» Data
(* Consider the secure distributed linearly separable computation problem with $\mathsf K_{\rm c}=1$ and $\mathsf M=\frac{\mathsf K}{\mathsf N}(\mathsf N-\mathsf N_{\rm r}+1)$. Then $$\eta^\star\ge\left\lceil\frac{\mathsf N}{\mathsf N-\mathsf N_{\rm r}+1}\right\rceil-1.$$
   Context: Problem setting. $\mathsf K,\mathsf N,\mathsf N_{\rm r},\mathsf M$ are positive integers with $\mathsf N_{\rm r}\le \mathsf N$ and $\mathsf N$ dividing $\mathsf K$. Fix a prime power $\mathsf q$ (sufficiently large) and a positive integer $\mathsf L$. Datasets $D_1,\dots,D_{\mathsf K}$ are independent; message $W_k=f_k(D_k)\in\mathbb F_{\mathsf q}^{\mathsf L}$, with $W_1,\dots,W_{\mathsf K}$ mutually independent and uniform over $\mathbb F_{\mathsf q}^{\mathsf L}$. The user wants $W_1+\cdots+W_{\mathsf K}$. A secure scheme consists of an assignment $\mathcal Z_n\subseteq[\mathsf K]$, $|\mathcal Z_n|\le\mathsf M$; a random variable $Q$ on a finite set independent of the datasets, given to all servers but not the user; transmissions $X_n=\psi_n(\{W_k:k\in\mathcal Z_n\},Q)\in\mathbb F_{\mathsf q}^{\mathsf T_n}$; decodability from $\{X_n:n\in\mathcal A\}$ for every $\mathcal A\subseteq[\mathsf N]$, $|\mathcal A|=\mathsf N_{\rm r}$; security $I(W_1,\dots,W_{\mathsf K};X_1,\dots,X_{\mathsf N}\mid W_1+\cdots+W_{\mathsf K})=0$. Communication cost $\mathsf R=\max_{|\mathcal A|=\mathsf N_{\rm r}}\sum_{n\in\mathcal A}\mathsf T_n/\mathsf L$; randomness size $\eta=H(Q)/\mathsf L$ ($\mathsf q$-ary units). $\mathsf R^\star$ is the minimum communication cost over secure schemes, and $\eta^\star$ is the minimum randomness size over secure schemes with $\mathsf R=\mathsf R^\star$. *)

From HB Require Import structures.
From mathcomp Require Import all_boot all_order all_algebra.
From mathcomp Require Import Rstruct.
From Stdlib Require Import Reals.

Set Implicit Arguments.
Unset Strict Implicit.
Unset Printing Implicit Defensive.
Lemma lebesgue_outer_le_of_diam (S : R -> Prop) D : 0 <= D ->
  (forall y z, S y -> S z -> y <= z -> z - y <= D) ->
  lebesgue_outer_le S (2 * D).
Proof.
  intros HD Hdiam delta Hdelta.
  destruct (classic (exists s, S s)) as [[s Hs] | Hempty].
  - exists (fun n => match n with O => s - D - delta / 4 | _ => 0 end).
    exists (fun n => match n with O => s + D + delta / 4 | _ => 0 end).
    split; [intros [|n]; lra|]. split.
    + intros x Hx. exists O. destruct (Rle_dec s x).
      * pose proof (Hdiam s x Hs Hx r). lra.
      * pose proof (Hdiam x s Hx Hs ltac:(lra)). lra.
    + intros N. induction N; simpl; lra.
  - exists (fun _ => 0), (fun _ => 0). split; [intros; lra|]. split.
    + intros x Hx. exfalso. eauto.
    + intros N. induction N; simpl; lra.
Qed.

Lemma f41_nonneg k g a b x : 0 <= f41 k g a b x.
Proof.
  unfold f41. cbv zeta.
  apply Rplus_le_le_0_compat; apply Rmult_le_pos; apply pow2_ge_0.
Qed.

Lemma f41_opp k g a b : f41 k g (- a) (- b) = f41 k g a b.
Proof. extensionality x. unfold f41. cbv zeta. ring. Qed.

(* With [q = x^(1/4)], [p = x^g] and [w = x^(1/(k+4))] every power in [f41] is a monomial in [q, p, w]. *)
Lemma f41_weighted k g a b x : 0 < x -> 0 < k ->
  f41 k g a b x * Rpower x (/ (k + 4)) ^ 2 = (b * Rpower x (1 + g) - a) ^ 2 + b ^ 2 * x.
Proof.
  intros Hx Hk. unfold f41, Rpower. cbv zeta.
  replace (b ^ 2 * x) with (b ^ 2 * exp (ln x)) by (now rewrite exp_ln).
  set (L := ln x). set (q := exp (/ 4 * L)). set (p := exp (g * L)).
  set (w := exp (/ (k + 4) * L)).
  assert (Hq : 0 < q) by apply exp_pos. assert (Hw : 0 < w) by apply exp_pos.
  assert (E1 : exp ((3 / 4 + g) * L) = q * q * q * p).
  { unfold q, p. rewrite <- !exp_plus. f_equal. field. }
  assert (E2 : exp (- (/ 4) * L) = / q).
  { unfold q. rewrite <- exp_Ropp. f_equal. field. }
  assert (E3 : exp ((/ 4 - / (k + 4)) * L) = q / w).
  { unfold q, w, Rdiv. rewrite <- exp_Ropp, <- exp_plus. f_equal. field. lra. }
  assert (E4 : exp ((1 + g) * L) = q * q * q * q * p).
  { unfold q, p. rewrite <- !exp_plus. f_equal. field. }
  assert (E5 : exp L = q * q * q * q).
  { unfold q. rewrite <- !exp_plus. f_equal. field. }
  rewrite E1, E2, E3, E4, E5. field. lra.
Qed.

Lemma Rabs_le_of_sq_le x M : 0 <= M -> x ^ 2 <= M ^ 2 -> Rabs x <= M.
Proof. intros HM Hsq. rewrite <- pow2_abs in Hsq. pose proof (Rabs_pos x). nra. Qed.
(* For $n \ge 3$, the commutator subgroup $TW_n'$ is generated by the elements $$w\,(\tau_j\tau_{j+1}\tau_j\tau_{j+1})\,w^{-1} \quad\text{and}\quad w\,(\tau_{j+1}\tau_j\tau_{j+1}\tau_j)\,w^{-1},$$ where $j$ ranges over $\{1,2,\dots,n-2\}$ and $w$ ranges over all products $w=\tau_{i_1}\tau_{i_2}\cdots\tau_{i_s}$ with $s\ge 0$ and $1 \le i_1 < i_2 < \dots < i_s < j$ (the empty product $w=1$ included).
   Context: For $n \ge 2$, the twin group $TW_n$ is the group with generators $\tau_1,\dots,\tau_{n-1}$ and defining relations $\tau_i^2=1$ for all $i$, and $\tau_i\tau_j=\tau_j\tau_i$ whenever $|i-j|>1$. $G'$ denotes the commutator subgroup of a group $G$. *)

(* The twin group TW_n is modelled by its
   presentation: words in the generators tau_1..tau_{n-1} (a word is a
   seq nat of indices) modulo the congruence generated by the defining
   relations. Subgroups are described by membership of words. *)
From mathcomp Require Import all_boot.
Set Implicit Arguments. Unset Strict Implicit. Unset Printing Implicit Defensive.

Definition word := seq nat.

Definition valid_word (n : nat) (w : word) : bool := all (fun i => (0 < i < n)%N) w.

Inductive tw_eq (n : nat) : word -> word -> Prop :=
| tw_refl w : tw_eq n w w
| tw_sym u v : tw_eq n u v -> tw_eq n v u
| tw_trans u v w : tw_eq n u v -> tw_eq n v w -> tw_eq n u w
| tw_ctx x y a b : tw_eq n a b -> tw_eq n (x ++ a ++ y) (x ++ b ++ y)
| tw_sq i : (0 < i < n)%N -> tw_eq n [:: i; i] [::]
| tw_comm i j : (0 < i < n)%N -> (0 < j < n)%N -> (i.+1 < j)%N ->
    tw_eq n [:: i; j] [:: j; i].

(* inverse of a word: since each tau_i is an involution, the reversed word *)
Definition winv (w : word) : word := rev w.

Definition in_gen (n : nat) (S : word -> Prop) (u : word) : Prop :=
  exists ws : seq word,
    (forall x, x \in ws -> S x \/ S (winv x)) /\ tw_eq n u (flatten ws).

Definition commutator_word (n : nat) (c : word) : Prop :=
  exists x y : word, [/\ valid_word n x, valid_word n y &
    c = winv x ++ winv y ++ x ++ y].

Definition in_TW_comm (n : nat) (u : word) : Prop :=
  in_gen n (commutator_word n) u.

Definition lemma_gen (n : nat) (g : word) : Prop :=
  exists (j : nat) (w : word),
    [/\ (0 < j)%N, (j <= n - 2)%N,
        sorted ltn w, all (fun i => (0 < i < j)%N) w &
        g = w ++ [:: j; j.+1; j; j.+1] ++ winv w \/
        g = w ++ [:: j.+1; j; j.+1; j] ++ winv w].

» What is needed
Give back precisely the lines above that start at the line containing "assert (E2 : exp (- (/ 4) * L) = / q)." and end at the line containing "Proof. intros HM", inclusive. No other lines belong in the output.

» Expected answer
  assert (E2 : exp (- (/ 4) * L) = / q).
  { unfold q. rewrite <- exp_Ropp. f_equal. field. }
  assert (E3 : exp ((/ 4 - / (k + 4)) * L) = q / w).
  { unfold q, w, Rdiv. rewrite <- exp_Ropp, <- exp_plus. f_equal. field. lra. }
  assert (E4 : exp ((1 + g) * L) = q * q * q * q * p).
  { unfold q, p. rewrite <- !exp_plus. f_equal. field. }
  assert (E5 : exp L = q * q * q * q).
  { unfold q. rewrite <- !exp_plus. f_equal. field. }
  rewrite E1, E2, E3, E4, E5. field. lra.
Qed.

Lemma Rabs_le_of_sq_le x M : 0 <= M -> x ^ 2 <= M ^ 2 -> Rabs x <= M.
Proof. intros HM Hsq. rewrite <- pow2_abs in Hsq. pose proof (Rabs_pos x). nra. Qed.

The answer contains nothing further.